Surgeons who chose Laparoscopic splenectomy must administer an appropriate immunization at least two weeks before the surgery. The camera is inserted along with four other trocars: Patients are transfused by meeting strict criteria ensuring their safety. To ensure quality blood transfusions, the packed red blood cells should be leucoreduced with a minimum of 40g of hemoglobin content.
By having leucoreduced blood packets, the patient is at a thalxssemie risk to develop adverse reactions by contaminated white cells and preventing platelet thslassemie. Cryopreserved red cells are used to maintain a supply of rare donor units for patients with unusual red cell antibodies or missing common red cell antigens.
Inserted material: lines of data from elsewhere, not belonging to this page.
Lemma dominant_ip_alpha_ge0 lam : dominant_integral B lam -> forall i, 0 <= <<lam, alpha i>>.
Proof.
move=> dom i; have [k pair_k] := dom i.
have : 0 <= coroot_pairing lam i by rewrite /coroot_pairing pair_k ler0n.
by rewrite /coroot_pairing ip_alpha pmulr_lge0 ?invr_gt0 ?gram_diag_gt0 // pmulr_rge0.
Qed.

Section DominantWeight.
Variable lam : 'rV[R]_n.
Hypothesis lam_dom : forall i, 0 <= <<lam, alpha i>>.

Lemma coroot_pairing_ge0 j : 0 <= coroot_pairing lam j.
Proof.
by rewrite /coroot_pairing ip_alpha divr_ge0 ?mulr_ge0 ?lam_dom ?ltW ?gram_diag_gt0.
Qed.

Lemma weyl_act_le w j : weyl_act w lam 0 j <= lam 0 j.
Proof.
move: j; apply: (weyl_act_ind (P := fun y => forall j, y 0 j <= lam 0 j)) => //.
move=> {}w i le_lam pos j; rewrite weyl_act_rcons_coord.
by have := le_lam j; have := mulr_ge0 (coroot_pairing_ge0 i) (pos j); lra.
Qed.

Lemma weyl_orbit_le x j : weyl_orbit B lam x -> x 0 j <= lam 0 j.
Proof. by case/weyl_orbitP => w ->; apply: weyl_act_le. Qed.

Section Separation.
Variables I D : {set 'I_n}.
Hypothesis sep_gram : forall p q, p \in D -> q \notin D -> q \notin I -> B p q = 0.
Hypothesis sep_lam : forall q, q \notin D -> q \notin I -> <<lam, alpha q>> = 0.

Lemma ip_alpha_sep y q : (forall p, p \notin D -> y 0 p = lam 0 p) ->
  q \notin D -> q \notin I -> <<y, alpha q>> = 0.
Proof.
move=> y_lam qD qI; rewrite -(sep_lam qD qI) !ip_alphar; apply: eq_bigr => p _.
by have [pD|pD] := boolP (p \in D); [rewrite !sep_gram ?mulr0 | rewrite y_lam].
Qed.

Lemma rootlike_supp_sep g y : rootlike g -> (forall i, i \in I -> g 0 i = 0) ->
  (forall p, p \notin D -> y 0 p = lam 0 p) -> 0 < <<y, g>> ->
  forall q, q \notin D -> g 0 q = 0.
Proof.
move=> g_root gI y_lam yg_gt0.
have cross_ge0 : 0 <= <<restr D g, restr (~: D) g>>.
  rewrite ipE; apply: sumr_ge0 => p _; apply: sumr_ge0 => q _; rewrite !mxE !inE.
  case: ifP => pD; rewrite ?mul0r //; case: ifP => qD; rewrite ?mulr0 //.
  have [qI|qI] := boolP (q \in I); first by rewrite (gI q) // mulr0.
  by rewrite sep_gram ?pD ?qD // mulr0 mul0r.
case: (rootlike_split g_root cross_ge0) => /rowP g0; last first.
  by move=> q qD; have := g0 q; rewrite !mxE inE qD.
exfalso; move: yg_gt0; rewrite ip_sum_alphar big1 ?ltxx // => q _.
have [->|gq] := eqVneq (g 0 q) 0; first by rewrite mul0r.
have qD : q \notin D by apply: contra gq => qD; have := g0 q; rewrite !mxE qD => ->.
have qI : q \notin I by apply: contra gq => /gI ->.
by rewrite ip_alpha_sep // mulr0.
Qed.
(* Let $0<a,b<1$, $P_1=T_1$, $P_2>0$. Consider the scheme where user 1 sends only a private Gaussian message of power $P_1$ and user 2 sends a public Gaussian message of power $P_2-\hat P_2$ and a private Gaussian message of power $\hat P_2$, with $\hat P_2\in[0,P_2]$; user 2's public message is decoded first at both receivers treating all other signals as noise, at the largest rate decodable at both receivers, and then the private messages are decoded treating the remaining interference as noise. Then for every $\hat P_2\in[0,P_2]$ the rate of user 2's public message is limited by receiver 1, and the sum-rate equals $\tfrac12\log_2(T_1+aP_2+1)$, independent of $\hat P_2$. Symmetrically, if $P_2=T_2$ the analogous scheme with roles of the users exchanged gives sum-rate $\tfrac12\log_2(T_2+bP_1+1)$ independent of the split of user 1's power.
   Context: Weak GIC $Y_1=X_1+\sqrt aX_2+Z_1$, $Y_2=\sqrt bX_1+X_2+Z_2$ with $Z_i\sim N(0,1)$ independent of inputs; $T_1=\frac{1-a}{ab}$, $T_2=\frac{1-b}{ab}$. *)

From Stdlib Require Import Reals.
Open Scope R_scope.

Definition log2 (x : R) : R := ln x / ln 2.

Definition gcap (snr : R) : R := / 2 * log2 (1 + snr).

(* Weak Gaussian IC:  Y1 = X1 + sqrt a X2 + Z1,  Y2 = sqrt b X1 + X2 + Z2. *)
Definition T1 (a b : R) : R := (1 - a) / (a * b).
Definition T2 (a b : R) : R := (1 - b) / (a * b).

(* ---- Scheme 1: user 1 private only (power P1); user 2 public power
   P2 - Q2 and private power Q2.  Public message of user 2 decoded first at
   both receivers, treating everything else as noise. *)

Definition s1_pub_rx1 (a b P1 P2 Q2 : R) : R :=
  gcap (a * (P2 - Q2) / (P1 + a * Q2 + 1)).
Definition s1_pub_rx2 (a b P1 P2 Q2 : R) : R :=
  gcap ((P2 - Q2) / (b * P1 + Q2 + 1)).
Definition s1_pub (a b P1 P2 Q2 : R) : R :=
  Rmin (s1_pub_rx1 a b P1 P2 Q2) (s1_pub_rx2 a b P1 P2 Q2).
Definition s1_priv1 (a b P1 P2 Q2 : R) : R := gcap (P1 / (a * Q2 + 1)).
Definition s1_priv2 (a b P1 P2 Q2 : R) : R := gcap (Q2 / (b * P1 + 1)).
Definition s1_sum (a b P1 P2 Q2 : R) : R :=
  s1_pub a b P1 P2 Q2 + s1_priv1 a b P1 P2 Q2 + s1_priv2 a b P1 P2 Q2.

Definition s2_pub_rx1 (a b P1 P2 Q1 : R) : R :=
  gcap ((P1 - Q1) / (a * P2 + Q1 + 1)).
Definition s2_pub_rx2 (a b P1 P2 Q1 : R) : R :=
  gcap (b * (P1 - Q1) / (P2 + b * Q1 + 1)).
Definition s2_pub (a b P1 P2 Q1 : R) : R :=
  Rmin (s2_pub_rx1 a b P1 P2 Q1) (s2_pub_rx2 a b P1 P2 Q1).
Definition s2_priv1 (a b P1 P2 Q1 : R) : R := gcap (Q1 / (a * P2 + 1)).
Definition s2_priv2 (a b P1 P2 Q1 : R) : R := gcap (P2 / (b * Q1 + 1)).
Definition s2_sum (a b P1 P2 Q1 : R) : R :=
  s2_pub a b P1 P2 Q1 + s2_priv1 a b P1 P2 Q1 + s2_priv2 a b P1 P2 Q1.

From Stdlib Require Import Reals Lra Psatz.
Open Scope R_scope.

(* The hypothesis P1 = T1
   says exactly that a * (b * P1 + 1) = 1: at receiver 2 the interference
   of user 1 plus noise is 1/a.  Two general facts about gcap drive the
   argument:
   - monotonicity, which reduces "receiver 1 limits the public rate" to a
     comparison of the two public SNRs, and that comparison boils down to
     a * (b * P1 + Q2 + 1) = 1 + a * Q2 <= P1 + a * Q2 + 1;
   - the chain rule of successive decoding,
       gcap (s / (t + n)) + gcap (t / n) = gcap ((s + t) / n),
     applied twice (after rewriting Q2 / (b * P1 + 1) as a * Q2), which
     telescopes the three rates of scheme 1 into gcap (P1 + a * P2).
   Scheme 2 is scheme 1 with the users exchanged (a <-> b, P1 <-> P2), so
   the second half of the theorem follows from the first by symmetry. *)

Lemma ln2_pos : 0 < ln 2.
Proof. pose proof ln_lt_2; lra. Qed.

Lemma gcap_le (x y : R) : -1 < x -> x <= y -> gcap x <= gcap y.
Proof.
  intros Hx Hxy. unfold gcap, log2, Rdiv.
  apply Rmult_le_compat_l; [lra |].
  apply Rmult_le_compat_r; [apply Rlt_le, Rinv_0_lt_compat, ln2_pos |].
  destruct (Req_dec x y) as [-> | Hne]; [lra |].
  apply Rlt_le, ln_increasing; lra.
Qed.

Lemma snr_gt_m1 (u v : R) : 0 <= u -> 0 < v -> -1 < u / v.
Proof.
  intros Hu Hv. apply Rlt_le_trans with 0; [lra |].
  unfold Rdiv. apply Rmult_le_pos; [lra | apply Rlt_le, Rinv_0_lt_compat, Hv].
Qed.

Lemma gcap_add (x y : R) : -1 < x -> -1 < y ->
  gcap x + gcap y = gcap ((1 + x) * (1 + y) - 1).
Proof.
  intros Hx Hy. unfold gcap, log2.
  replace (1 + ((1 + x) * (1 + y) - 1)) with ((1 + x) * (1 + y)) by ring.
  rewrite ln_mult by lra. field. apply Rgt_not_eq, ln2_pos.
Qed.

Lemma gcap_chain (s t n : R) : 0 <= s -> 0 <= t -> 0 < n ->
  gcap (s / (t + n)) + gcap (t / n) = gcap ((s + t) / n).
Proof.
  intros Hs Ht Hn.
  rewrite gcap_add by (apply snr_gt_m1; lra).
  f_equal. field. lra.
Qed.

Lemma T1_level (a b P1 : R) : 0 < a < 1 -> 0 < b < 1 -> P1 = T1 a b ->
  0 < P1 /\ a * (b * P1 + 1) = 1.
Proof.
  intros Ha Hb ->. unfold T1. split.
  - apply Rdiv_lt_0_compat; nra.
  - field. lra.
Qed.

Section SchemeOne.

Variables a b P1 P2 Q2 : R.
Hypothesis Ha : 0 < a.
Hypothesis HP1 : 0 <= P1.
Hypothesis Hlevel : a * (b * P1 + 1) = 1.
Hypothesis HQ2 : 0 <= Q2 <= P2.

Lemma s1_public_limited_by_rx1 :
  s1_pub_rx1 a b P1 P2 Q2 <= s1_pub_rx2 a b P1 P2 Q2.
Proof.
  assert (Hrx2 : (P2 - Q2) / (b * P1 + Q2 + 1) = a * (P2 - Q2) / (a * Q2 + 1)).
  { replace (b * P1 + Q2 + 1) with ((a * Q2 + 1) / a)
      by (field_simplify_eq; lra).
    field; split; nra. }
  unfold s1_pub_rx1, s1_pub_rx2. apply gcap_le.
  - apply snr_gt_m1; nra.
  - rewrite Hrx2. unfold Rdiv.
    apply Rmult_le_compat_l; [nra |].
    apply Rinv_le_contravar; nra.
Qed.

Lemma s1_pub_eq_rx1 : s1_pub a b P1 P2 Q2 = s1_pub_rx1 a b P1 P2 Q2.
Proof. apply Rmin_left, s1_public_limited_by_rx1. Qed.

Lemma s1_sum_telescopes : s1_sum a b P1 P2 Q2 = gcap (P1 + a * P2).
Proof.
  assert (Hpriv2 : Q2 / (b * P1 + 1) = a * Q2 / 1) by (field_simplify_eq; nra).
  unfold s1_sum. rewrite s1_pub_eq_rx1.
  unfold s1_pub_rx1, s1_priv1, s1_priv2.
  replace (P1 + a * Q2 + 1) with (P1 + (a * Q2 + 1)) by ring.
  rewrite gcap_chain by nra.
  rewrite Hpriv2, gcap_chain by nra.
  f_equal. field.
Qed.

End SchemeOne.

Lemma s2_pub_swap (a b P1 P2 Q1 : R) :
  s2_pub a b P1 P2 Q1 = s1_pub b a P2 P1 Q1.
Proof. unfold s2_pub, s1_pub. apply Rmin_comm. Qed.

Lemma s2_sum_swap (a b P1 P2 Q1 : R) :
  s2_sum a b P1 P2 Q1 = s1_sum b a P2 P1 Q1.
Proof.
  unfold s2_sum, s1_sum. rewrite s2_pub_swap.
  unfold s2_priv1, s2_priv2, s1_priv1, s1_priv2. ring.
Qed.

Lemma scheme1_rates (a b : R) (ha : 0 < a < 1) (hb : 0 < b < 1)
  (P1 P2 Q2 : R) : P1 = T1 a b -> 0 <= Q2 <= P2 ->
  s1_pub a b P1 P2 Q2 = s1_pub_rx1 a b P1 P2 Q2 /\
  s1_sum a b P1 P2 Q2 = / 2 * log2 (T1 a b + a * P2 + 1).
Proof.
  intros HT HQ2.
  destruct (T1_level a b P1 ha hb HT) as [HP1 Hlevel].
  split.
  - apply s1_pub_eq_rx1; lra.
  - rewrite s1_sum_telescopes by lra. unfold gcap. rewrite <- HT.
    f_equal. f_equal. ring.
Qed.

Theorem mainTheorem9 (a b : R) (ha : 0 < a < 1) (hb : 0 < b < 1) :
  (forall P1 P2 : R, P1 = T1 a b -> 0 < P2 ->
     forall Q2 : R, 0 <= Q2 <= P2 ->
       s1_pub a b P1 P2 Q2 = s1_pub_rx1 a b P1 P2 Q2 /\
       s1_sum a b P1 P2 Q2 = / 2 * log2 (T1 a b + a * P2 + 1)) /\
  (forall P1 P2 : R, P2 = T2 a b -> 0 < P1 ->
     forall Q1 : R, 0 <= Q1 <= P1 ->
       s2_pub a b P1 P2 Q1 = s2_pub_rx2 a b P1 P2 Q1 /\
       s2_sum a b P1 P2 Q1 = / 2 * log2 (T2 a b + b * P1 + 1)).
Proof.
  split.
  - intros P1 P2 HT _ Q2 HQ2. exact (scheme1_rates a b ha hb P1 P2 Q2 HT HQ2).
  - intros P1 P2 HT _ Q1 HQ1.
    assert (HT2 : T2 a b = T1 b a) by (unfold T1, T2; rewrite Rmult_comm; reflexivity).
    rewrite HT2 in HT |- *.
    rewrite s2_pub_swap, s2_sum_swap.
    exact (scheme1_rates b a hb ha P2 P1 Q1 HT HQ1).
Qed.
Iron overload is an unavoidable consequence of chronic transfusion therapy, necessary for patients with beta thalassemia. Iron chelation is a medical therapy that avoids the complications of iron overload. The iron overload can be removed by Deferasirox, an oral iron chelator, which has a dose- dependent effect on iron burden. Deferasirox is a vital part in the patients health after blood transfusions. It represents a potentially toxic iron form due to its high propensity to induce oxygen species and is responsible for cellular damage.
The prevention of iron overload protects patients from morbidity and mortality. The primary aim is to bind to and remove iron from the body and a rate equal to the rate of transfusional iron input or greater than iron input. Patients may require episodic blood transfusions. Transfusion-dependent patients develop iron overload and require chelation therapy  to remove the excess iron. Transmission is autosomal recessive ; however, dominant mutations and compound heterozygotes have been reported.
Genetic counseling is recommended and prenatal diagnosis may be offered. Patients are often monitored without treatment. While many of those with minor status do not require transfusion therapy, they still risk iron overload, particularly in the liver.
A serum ferritin test thalqssemie iron levels and can point to further treatment. Minor often coexists with other conditions such as asthma and can cause iron overload of the liver and in those with non-alcoholic fatty liver diseaselead to more severe outcomes.
The beta form of thalassemia is particularly prevalent among the Mediterranean peoples and this geographical association is responsible for its naming: In Europethe highest concentrations of the disease are found in Greece and the Turkish coastal regions.
The major Mediterranean islands except the Balearics such as SicilySardiniaCorsicaCyprusMalta and Crete are heavily affected in particular. The thalassemia trait may confer a degree of protection against malaria which is or was prevalent in the regions where the trait is common, thus conferring a selective survival advantage on carriers known as heterozygous advantagethus perpetuating the mutation.
In that respect, the various tgalassemie resemble another genetic disorder affecting hemoglobin, sickle-cell disease.
The disorder affects all genders but is more prevalent in certain ethnicities and age groups. There have been 4, hospitalized cases in England in and 9, consultant episodes for thalassemia. It is usually fatal in infancy if blood transfusions are not initiated immediately. From Wikipedia, the free encyclopedia.
Beta thalassemia Beta thalassemia genetics, the picture shows one example of how beta thalassemia is inherited. The beta globin gene is located on chromosome A child inherits two beta globin genes one from each parent.
Retrieved 4 April Orphanet J Rare Dis. Orphanet Journal of Rare Diseases. Expert Consult – Online. Oxford Handbook of Clinical Pathology.
Textbook of Inpatient Management. Iron Physiology and Pathophysiology in Humans. Handbook of Iron Overload Disorders.